Welcome to the next iteration of my ramblings. I rambled my way through my teens, scrawling out my adolescent angst using colourful pencils, plain exercise books, and really bad poetry. I documented the ‘uni-years’ in photographic format, compiling mix-tapes and the odd drunken ramble about my latest unrequited crush. Then came my Australian-based ramblings when I moved her in my early 30s and rode the 2nd wave of my misspent youth. God, it was fun! As much as I hate to admit it, there’s no getting away from the fact this blog will form my middle-aged ramblings. I find myself here, typing on my bay-side Melbournian balcony, five years older, a little bit larger and lonelier, quite a bit single but significantly more qualified. I’ve just finished a psychology degree.

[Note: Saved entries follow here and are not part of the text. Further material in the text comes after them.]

(* Let $K$ be a field and $\nu$ a valuation on $K[x]$. Let $\mathbf{Q}\subseteq K[x]$ be a complete set for $\nu$. Then for every polynomial $p\in K[x]$ there exist $a_1,\ldots,a_r\in K$ and $\lambda_1,\ldots,\lambda_r\in\mathbb{N}^{\mathbf{Q}}$ such that \[ p=\sum_{i=1}^r a_i\mathbf{Q}^{\lambda_i}\quad\text{and}\quad \nu\left(a_i\mathbf{Q}^{\lambda_i}\right)\geq \nu(p)\ \text{ for every } i,\ 1\leq i\leq r, \] and every $Q\in\mathbf{Q}$ appearing in this decomposition (i.e. with $\lambda_i(Q)\neq 0$ for some $i$) satisfies $\deg(Q)\leq\deg(p)$. In particular, for every $\beta\in\nu(K[x])$, the additive group $P_\beta=\{y\in K[x]\mid \nu(y)\geq\beta\}$ is generated by the elements $a\mathbf{Q}^\lambda$ lying in $P_\beta$, where $a\in K$ and $\lambda\in\mathbb{N}^{\mathbf{Q}}$.
   Context: A valuation on a commutative ring $R$ is a map $\nu:R\to\Gamma\cup\{\infty\}$, $\Gamma$ an ordered abelian group, with $\nu(ab)=\nu(a)+\nu(b)$, $\nu(a+b)\geq\min\{\nu(a),\nu(b)\}$, $\nu(1)=0$, $\nu(0)=\infty$ (nonzero elements may have value $\infty$). For a nonconstant monic $q\in K[x]$ and $f\in K[x]$, the $q$-expansion of $f$ is the unique expression $f=f_0+f_1q+\cdots+f_nq^n$ with each $f_i=0$ or $\deg(f_i)<\deg(q)$; the $q$-truncation of $\nu$ is $\nu_q(f):=\min_{0\leq i\leq n}\nu(f_iq^i)$. A set $\mathbf{Q}$ of nonconstant monic polynomials in $K[x]$ is a complete set for $\nu$ if for every nonconstant $p\in K[x]$ there exists $q\in\mathbf{Q}$ with $\deg(q)\leq\deg(p)$ and $\nu(p)=\nu_q(p)$. $\mathbb{N}^{\mathbf{Q}}$ denotes the set of maps $\lambda:\mathbf{Q}\to\mathbb{N}$ with $\lambda(q)=0$ for all but finitely many $q$, and $\mathbf{Q}^\lambda:=\prod_{q\in\mathbf{Q}}q^{\lambda(q)}$. *)

From HB Require Import structures.
From mathcomp Require Import all_boot all_order all_algebra.
Set Implicit Arguments. Unset Strict Implicit. Unset Printing Implicit Defensive.
Import GRing.Theory.
Local Open Scope ring_scope.
Lemma index_core_lcosetV S m x0 x : subgroup S -> S x0 ->
  index_core S m (mul (inv x0) x) -> index_core S m (mul (inv (inv x0)) (inv x)).
Proof.
move=> sS Sx0 Sx.
have -> : mul (inv (inv x0)) (inv x) = tconjg x0 (inv (mul (inv x0) x)).
  by rewrite /tconjg tinvMg !tinvgK !tmulgA tmulgK.
by apply: index_core_conj => //; exact: subgroupV (index_core_subgroup S m) Sx.
Qed.

(* The pullback along [R] of an open subgroup of index at most [m] in [B] is one in [A]. *)
Lemma quotient_iso_index_core A B A' B' R m : quotient_iso A B A' B' R ->
  subgroup A -> subgroup A' -> subgroup B' -> open A' -> B' `<=` index_core B m ->
  forall x y, R x y -> index_core A m x -> index_core B m y.
Proof.
move=> qR sA sA' sB' oA' B'core x y Rxy Ax V BV.
case: (BV) => sV oV VB [s [Bs sVB]].
pose V' := [set u | exists2 v, V v & R u v].
have [y' Vy' Rxy'] : V' x.
  apply: Ax; split.
  - split; first by exists one; [exact: subgroup1 | exact: quotient_iso11 qR sA sA' sB'].
      move=> u u' [v Vv Ruv] [v' Vv' Ruv'].
      by exists (mul v v'); last exact: (qiso_mul qR Ruv Ruv'); exact: subgroupM.
    move=> u [v Vv Ruv].
    by exists (inv v); last exact: (qiso_inv qR Ruv); exact: subgroupV.
  - apply: (@open_of_lcosets A') => // [|u [v Vv Ruv] z /lcosetE A'z]; first exact: subgroup1.
    by exists v => //; have := qiso_sat qR Ruv A'z (subgroup1 sB'); rewrite tmulKVg tmulg1.
  - by move=> u [v _ /(qiso_dom qR) []].
  - have /choice [r rP] : forall i, exists u, R u (s i) by move=> i; exact: (qiso_onto qR (Bs i)).
    exists r; split => [i|u Au]; first by case: (qiso_dom qR (rP i)).
    have [v Ruv] := qiso_total qR Au; have [_ Bv] := qiso_dom qR Ruv.
    have [i im Vv] := sVB v Bv; exists i => //.
    by exists (mul (inv (s i)) v) => //; exact: (qiso_mul qR (qiso_inv qR (rP i)) Ruv).
have := B'core _ (quotient_iso_uniqr qR sA' Rxy' Rxy) V BV.
by move=> /(subgroupM sV Vy'); rewrite tmulKVg.
Qed.
Lemma finite_pred_enum P : finite_pred P -> exists l, list_enum P l.
Proof.
move=> [l Pl]; pose dec (x y : T) := pselect (x = y).
exists (List.nodup dec (List.filter (fun x => `[< P x >]) l)).
split=> [|x]; first exact: List.NoDup_nodup.
rewrite List.nodup_In List.filter_In; split; first by move=> [_ /asboolP].
by move=> Px; split; [exact: Pl | exact/asboolP].
Qed.

Lemma list_enum_size P l l' :
  list_enum P l -> list_enum P l' -> List.length l = List.length l'.
Proof.
move=> [l_uniq l_P] [l'_uniq l'_P]; apply/eqP; rewrite eqn_leq.
apply/andP; split; apply/ssrnat.leP; apply: List.NoDup_incl_length => // x.
  by move=> /l_P /l'_P.
by move=> /l'_P /l_P.
Qed.

Lemma list_enum_card P l : list_enum P l -> has_card P (List.length l).
Proof.
move=> [l_uniq l_P]; exists (fun j : 'I_(List.length l) => List.nth j l t0).
split=> [i j ij|x]; first apply: val_inj.
  by apply: (proj1 (List.NoDup_nth l t0) l_uniq) ij; apply/ssrnat.ltP.
split=> [/l_P /(List.In_nth _ _ t0) [n [/ssrnat.ltP n_lt <-]]|[j <-]].
  by exists (Ordinal n_lt).
by apply/l_P; apply: List.nth_In; apply/ssrnat.ltP.
Qed.

Lemma infinite_pred_seq P : ~ finite_pred P ->
  exists w : nat -> T, (forall k, P (w k)) /\ injective w.
Proof.
move=> P_inf.
have fresh l : exists x, P x /\ ~ List.In x l.
  apply: contra_notP P_inf => no_fresh; exists l => x Px.
  by apply: contra_notP no_fresh => x_notin; exists x.
pose next l := projT1 (cid (fresh l)).
have nextP l : P (next l) /\ ~ List.In (next l) l := projT2 (cid (fresh l)).
pose fix prefix k := if k is k'.+1 then next (prefix k') :: prefix k' else [::].
have in_prefix j k : (j < k)%N -> List.In (next (prefix j)) (prefix k).
  elim: k => // k IHk; rewrite ltnS leq_eqVlt => /orP[/eqP ->|/IHk]; by [left|right].
exists (fun k => next (prefix k)); split=> [k|j k jk]; first exact: (nextP _).1.
have [j_lt_k|k_lt_j|//] := ltngtP j k.
  by case: (nextP (prefix k)).2; rewrite -jk; apply: in_prefix.
by case: (nextP (prefix j)).2; rewrite jk; apply: in_prefix.
Qed.

Lemma NoDup_flat_map (A : Type) (F : A -> list T) (l : list A) : List.NoDup l ->
  (forall a, List.In a l -> List.NoDup (F a)) ->
  (forall a a' x, List.In a l -> List.In a' l ->
     List.In x (F a) -> List.In x (F a') -> a = a') ->
  List.NoDup (List.flat_map F l).
Proof.
elim: l => [|a l IHl] /= l_uniq F_uniq F_disj; first by constructor.
inversion l_uniq as [|a' l' a_notin l_uniq' [a'a l'l]]; subst.
apply: List.NoDup_app; first exact: F_uniq (or_introl _).
  apply: IHl => // [a' a'l|a1 a2 x a1l a2l]; first exact: F_uniq (or_intror _).
  exact: F_disj (or_intror _) (or_intror _).
move=> x xa /List.in_flat_map [a' [a'l xa']]; apply: a_notin.
by rewrite (F_disj a a' x (or_introl erefl) (or_intror a'l) xa xa').
Qed.

End FinitePred.

Section TreeStages.
Variables (Q : quiver) (r : qvert Q) (Q_tree : is_tree r).
Local Notation V := (qvert Q).

Definition child (b c : V) := exists a : qarr Q, qsrc a = b /\ qtgt a = c.

Definition antichain (w : nat -> V) := forall j k, j <> k -> ~ reach (w j) (w k).

Lemma child_reach b c : child b c -> reach b c.
Proof. by move=> [a [<- <-]]; exists [:: a]. Qed.

Lemma stage0 (u x : V) : stage u 0 x <-> x = u.
Proof. by split=> [[[|a p] [up //]]|->] //; exists [::]. Qed.

Lemma stageS (u x : V) k : stage u k.+1 x <-> exists2 c, child u c & stage c k x.
Proof.
split=> [[[|a p] [up pk]] //|[c [a [au ac]] [p [cp pk]]]].
  by case: up pk => <- ap [pk]; exists (qtgt a); [exists a | exists p].
by exists (a :: p); rewrite /= au ac pk.
Qed.

Lemma stage_reach_eq i (x y : V) : stage r i x -> stage r i y -> reach x y -> x = y.
Proof.
move=> [q [rq qi]] [q' [rq' q'i]] [p xp].
have := congr1 size (is_qpath_uniq Q_tree (is_qpath_cat rq xp) rq').
rewrite size_cat qi q'i -[RHS]addn0 => /addnI /size0nil p0.
by move: xp; rewrite p0.
Qed.

Lemma child_reach_eq (b c c' x : V) : child b c -> child b c' ->
  reach c x -> reach c' x -> c = c'.
Proof.
move=> [a [ab <-]] [a' [a'b <-]] [p ap] [p' a'p'].
have [q rq] := reach_root Q_tree b.
have := is_qpath_uniq Q_tree (is_qpath_cat rq (q := a :: p) (conj ab ap))
  (is_qpath_cat rq (q := a' :: p') (conj a'b a'p')).
by elim: q {rq} => [[->]|a0 q IHq [/IHq]].
Qed.

Lemma child_sibling_incomparable (b c c' x : V) : child b c -> child b c' ->
  c <> c' -> reach c x -> ~ reach c' x /\ ~ reach x c'.
Proof.
move=> bc bc' cc' cx; split=> [c'x|xc']; apply: cc'.
  exact: child_reach_eq bc bc' cx c'x.
exact: child_reach_eq bc bc' (reach_trans cx xc') (reach_refl c').
Qed.

Definition eventually_constant (f : nat -> nat) :=
  exists N, forall k, (N <= k)%N -> f k = f N.

Lemma eventually_constant_all (A : Type) (F : A -> nat -> nat) (l : list A) :
  (forall a, List.In a l -> eventually_constant (F a)) ->
  exists N, forall a, List.In a l -> forall k, (N <= k)%N -> F a k = F a N.
Proof.
elim: l => [|a l IHl] F_ev; first by exists 0%N.
have [N1 N1P] := IHl (fun a' a'l => F_ev a' (or_intror a'l)).
have [N0 N0P] := F_ev a (or_introl erefl).
exists (maxn N0 N1) => a' [<-|a'l] k k_ge.
  by rewrite N0P ?(leq_trans (leq_maxl _ _) k_ge) // N0P // leq_maxl.
by rewrite N1P ?(leq_trans (leq_maxr _ _) k_ge) // N1P // leq_maxr.
Qed.

Section FiniteStages.
Hypothesis stages_finite : forall i, finite_pred (stage r i).

Lemma stage_finite (u : V) k : finite_pred (stage u k).
Proof.
have [q rq] := reach_root Q_tree u; have [l lP] := stages_finite (size q + k).
exists l => x [p [up pk]]; apply: lP; exists (q ++ p).
by rewrite size_cat pk; split=> //; apply: is_qpath_cat rq up.
Qed.

Definition stage_list (u : V) k := projT1 (cid (finite_pred_enum (stage_finite u k))).

Lemma stage_listP (u : V) k : list_enum (stage u k) (stage_list u k).
Proof. exact: projT2 (cid (finite_pred_enum (stage_finite u k))). Qed.

Definition stage_size (u : V) k := List.length (stage_list u k).

Lemma stage_sizeE (u : V) k l :
  list_enum (stage u k) l -> List.length l = stage_size u k.
Proof. by move=> ul; apply: list_enum_size ul (stage_listP u k). Qed.

(* Stage k+1 below b is the disjoint union of the stages k below its children. *)
Lemma stage_sizeS (b : V) (l : list V) k : list_enum (child b) l ->
  stage_size b k.+1 = List.list_sum (List.map (stage_size^~ k) l).
Proof.
move=> [l_uniq lP]; rewrite -(@stage_sizeE _ _ (List.flat_map (stage_list^~ k) l)).
  by rewrite List.length_flat_map.
split=> [|x].
  apply: NoDup_flat_map => // [c _|c c' x cl c'l xc xc'].
    exact: (stage_listP c k).1.
  have /(stage_listP c k).2 [p [cp _]] := xc.
  have /(stage_listP c' k).2 [p' [c'p' _]] := xc'.
  exact: child_reach_eq ((lP c).1 cl) ((lP c').1 c'l)
    (ex_intro _ p cp) (ex_intro _ p' c'p').
rewrite List.in_flat_map stageS; split=> [[c [cl xc]]|[c bc xc]].
  by exists c; [exact/lP | exact/(stage_listP c k).2].
by exists c; split; [exact/lP | exact/(stage_listP c k).2].
Qed.

Lemma children_finite (b : V) : finite_pred (child b).
Proof.
have [l lP] := stage_finite b 1; exists l => c bc; apply: lP.
by apply/stageS; exists c => //; apply/stage0.
Qed.

Lemma eventually_constant_children (b : V) :
  (forall c, child b c -> eventually_constant (stage_size c)) ->
  eventually_constant (stage_size b).
Proof.
move=> children_ev; have [l lP] := finite_pred_enum (children_finite b).
have [N NP] := eventually_constant_all (fun c cl => children_ev c ((lP.2 c).1 cl)).
exists N.+1 => -[|k] // k_ge; rewrite !(stage_sizeS _ lP).
by congr List.list_sum; apply: List.map_ext_in => c cl; apply: NP.
Qed.

Definition unsettled (u : V) := ~ eventually_constant (stage_size u).

(* If no unsettled vertex below u had a sibling, the unsettled vertices below u
   would form a single chain, and every stage below u would be a singleton. *)
Lemma unsettled_branch (u : V) : unsettled u ->
  exists b c c', [/\ reach u b, child b c, child b c', c <> c' & unsettled c].
Proof.
move=> u_unset; apply: contra_notP (u_unset) => no_branch.
have unique_child b : reach u b -> unsettled b ->
    exists c, [/\ child b c, unsettled c & forall c', child b c' -> c' = c].
  move=> ub b_unset.
  have [c bc c_unset] : exists2 c, child b c & unsettled c.
    apply: contra_notP b_unset => settled; apply: eventually_constant_children.
    by move=> c bc; apply: contra_notP settled => c_unset; exists c.
  exists c; split=> // c' bc'; apply: contra_notP no_branch => c'c.
  by exists b, c, c'; split=> // cc'; apply: c'c.
have singleton k x : reach u x -> unsettled x -> exists y, list_enum (stage x k) [:: y].
  elim: k x => [|k IHk] x ux x_unset.
    exists x; split; first by constructor; [by [] | constructor].
    by move=> z; rewrite stage0; split=> [[->|[]]|->]; [|left].
  have [c [xc c_unset c_uniq]] := unique_child x ux x_unset.
  have [y [y_uniq yP]] := IHk c (reach_trans ux (child_reach xc)) c_unset.
  exists y; split=> // z; rewrite yP stageS.
  by split=> [zc|[c' xc' zc']]; [exists c | rewrite -(c_uniq c' xc')].
exists 0%N => k _.
have [y yk] := singleton k u (reach_refl u) u_unset.
have [y0 y00] := singleton 0%N u (reach_refl u) u_unset.
by rewrite -(stage_sizeE yk) -(stage_sizeE y00).
Qed.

And yet in many ways, I’m no closer to ‘finding myself’ than I was when I lept out of my Dad’s car to move into halls of residence at university at 18 or packed my bags for a new life in Australia at 32. I’m still crippled by opportunities, dissatisfied with my lot and looking for the next bright shiny thing to come around the corner. But over years I’ve made a decent dent in deciding what I DON’T want in life, so that’s progress.
The big questions that require answers in the next few months are as follows:
- Career direction
Do I jump from my very well-meaning, tough charity gig and get below average pay? Or sell my soul and move back to the corporate world which I’ll hate but can do care-free? Or do I pursue the dream of clinical psychology, eventual flexible working, running my own practice? Or side-step into a dream field using both current skills and my psych?
- Do I stay or do I go?
Remain or leave? My very own Brexit dilemma (a constant expat quandary). Do I stay here in Aus, living my life of guaranteed summers, good food, and laidbackness (I can’t think of a better word!)? Or do I move back into my south London pad for a couple of years, get to know my niece and nephew, and support my sister in managing our mother with premature Alzheimer’s before we move her into the inevitable care home?
There are easy answers and hard answers. Rational and emotional. Answers which change every time I talk to someone different. I can ask advice but the decision is mine and needs to be a solution I can accept.
And so I’m taking July off work. I don’t know where I’ll go, but I hope you’ll come with me.